Foot problems change the way we walk. And gait affects the joints of the legs and spine. If our feet hurt, we involuntarily change our body position to redistribute the weight and reduce the load on the painful areas. As a result, the balance of the body changes and posture deteriorates. Also, due to changes in gait, joints and bones are overloaded and worn out.
How to prevent foot diseases and deformities? Andrey Uezdovsky , an orthopedic doctor from the Chaika clinic
. Looking ahead: the main secret is to do super short exercises, but do them regularly. Video instructions are included.
Why do my feet hurt?
There is a company in Switzerland that produces special shoes: they are designed to simulate walking on sand.
The company name, MBT, stands for Masai Barefoot Technologie. The technology for creating shoes is also called. The word Masai refers us to the African Maasai people, who have preserved their traditional way of life. This is no accident. The Maasai do not have many of the health problems that civilized city dwellers have. Among them, plano-valgus deformity of the feet is extremely rare, which most often brings us to the orthopedic office with complaints of pain in the feet. Part of the changes in this disease is flat feet: there is no bend in the sole between the toe and heel, and the entire plantar surface of the foot touches the ground. But that’s not all that happens to the foot with such deformation. The shin and heel are located not along the same axis, but in an X-shape, and the foot falls inward. Because of this, the load on the inner edge of the foot and on the base of the first toe increases. These parts of the foot become deformed, and the ligaments and tendons are overloaded. My feet start to hurt.

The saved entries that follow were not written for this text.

Lemma nat_grid_approx (h : R) n y : 0 < h -> 0 <= y <= n%:R * h ->
  exists2 k, (k <= n)%N & `|y - k%:R * h| <= h.
Proof.
move=> h0; elim: n y => [|n IH] y /andP[y0 yn].
  by exists 0%N; rewrite // mul0r subr0 ger0_norm //; rewrite mul0r in yn; lra.
case: (lerP y (n%:R * h)) => hy.
  by have [k kn hk] := IH y (introT andP (conj y0 hy)); exists k => //; exact: leqW.
exists n.+1 => //; rewrite ler_norml; rewrite -natr1 in yn *; apply/andP; split; nra.
Qed.

Lemma complex_ball_net (c eta : R) : 0 <= c -> 0 < eta -> exists r (g : nat -> C),
  forall z, nsq z <= c -> exists2 k, (k < r)%N & nsq (z - g k) <= eta.
Proof.
move=> c0 eta0; have [h h0 hh] := exists_gt0_2sqr_le eta0.
pose a := c + 1; have a0 : 0 < a by rewrite /a; lra.
have [n hn] : exists n : nat, 2 * a <= n%:R * h.
  exists (Num.truncn (2 * a / h)).+1; rewrite -ler_pdivrMr //; exact/ltW/truncnS_gt.
(* grid of mesh h on the square [-a, a]^2, the point (k1, k2) having index k1 (n+1) + k2 *)
exists (n.+1 * n.+1)%N.
exists (fun k => Complex (- a + (k %/ n.+1)%:R * h) (- a + (k %% n.+1)%:R * h)).
case=> x y /= hz.
have coord t : t ^+ 2 <= c -> 0 <= t + a <= n%:R * h.
  move=> ht; have sq : t ^+ 2 < a ^+ 2 by rewrite /a; nra.
  by apply/andP; split; nra.
have [k1 k1n hk1] := nat_grid_approx h0 (coord x ltac:(have := sqr_ge0 y; lra)).
have [k2 k2n hk2] := nat_grid_approx h0 (coord y ltac:(have := sqr_ge0 x; lra)).
exists (k1 * n.+1 + k2)%N.
  apply: (@leq_trans (k1.+1 * n.+1)); first by rewrite mulSn [(n.+1 + _)%N]addnC ltn_add2l ltnS.
  by rewrite leq_mul2r ltnS k1n orbT.
rewrite divnMDl // modnMDl divn_small ?modn_small ?addn0 //.
have sqr_le t : `|t| <= h -> t ^+ 2 <= h ^+ 2 by rewrite ler_norml => /andP[? ?]; nra.
have := sqr_le _ hk1; have := sqr_le _ hk2.
have -> : x - (- a + k1%:R * h) = x + a - k1%:R * h by ring.
have -> : y - (- a + k2%:R * h) = y + a - k2%:R * h by ring.
lra.
Qed.

Lemma finite_support_net (c eta : R) b : 0 <= c -> 0 < eta ->
  exists r (w : nat -> nat -> C), forall u : nat -> C,
    (forall i, (b <= i)%N -> u i = 0) -> (forall i, nsq (u i) <= c) ->
    exists2 k, (k < r)%N & forall i, nsq (u i - w k i) <= (if (i < b)%N then eta else 0).
Proof.
move=> c0 eta0; have [rg [g Hg]] := complex_ball_net c0 eta0.
elim: b => [|b [r [w IH]]].
  by exists 1%N, (fun _ _ => 0) => u u0 _; exists 0%N => // i; rewrite u0 // subr0 nsq0.
exists (r * rg)%N, (fun k i => if i == b then g (k %% rg)%N else w (k %/ rg)%N i) => u u0 uc.
pose u' (i : nat) := if i == b then 0 else u i.
have [k1 k1r hk1] : exists2 k, (k < r)%N & forall i,
    nsq (u' i - w k i) <= (if (i < b)%N then eta else 0).
  apply: IH => i; rewrite /u'; case: eqVneq => [_|ib]; rewrite ?nsq0 //.
  by move=> bi; apply: u0; rewrite ltn_neqAle eq_sym ib.
have [k2 k2r hk2] := Hg (u b) (uc b).
exists (k1 * rg + k2)%N.
  apply: (@leq_trans (k1.+1 * rg)); first by rewrite mulSn [(rg + _)%N]addnC ltn_add2l.
  by rewrite leq_mul2r k1r orbT.
move=> i; rewrite modnMDl divnMDl ?(leq_ltn_trans _ k2r) // modn_small // divn_small // addn0.
case: (eqVneq i b) => [->|ib]; first by rewrite ltnSn.
move: (hk1 i); rewrite /u' /= (negbTE ib).
by rewrite [(i < b.+1)%N]ltnS [(i <= b)%N]leq_eqVlt (negbTE ib).
Qed.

Why do our legs change this way? Part of the blame lies with a sedentary lifestyle. But the main reason is shoes.
Man began to use shoes for the sake of foot health: to protect them from the cold and from damage. But in doing so he harmed them. From early childhood, shoes constrain the joints in our feet and block their movement. When joints don't move, they don't send the signal to muscles to be active. And muscles that don't work become weak and atrophy. The more freely the feet develop, the better the muscles are developed. People from the Maasai tribes do not wear shoes - and their feet are much less likely to become deformed in the same way as ours.
This does not mean that we need to take off our slippers and walk around the apartment barefoot. The floor in the apartment is unnaturally flat: you simply won’t find such a smooth surface in nature. Uneven surfaces are important to keep your feet healthy (there's a reason why MBT shoes imitate walking on sand). When we walk on uneven surfaces, the unevenness irritates many receptors on the plantar side of the foot. Receptors signal the muscles in the foot to turn on and contract. The muscles are being trained. When contacting a flat surface, the foot does not receive many different signals, but one. Only a few muscles work - and so on over and over again. Muscles that are not activated when walking become weak and the foot begins to deform.
How can you tell if your feet are deformed?
There are only three main signs of planovalgus foot deformity. If there is at least one, this is a reason to think about a visit to an orthopedist.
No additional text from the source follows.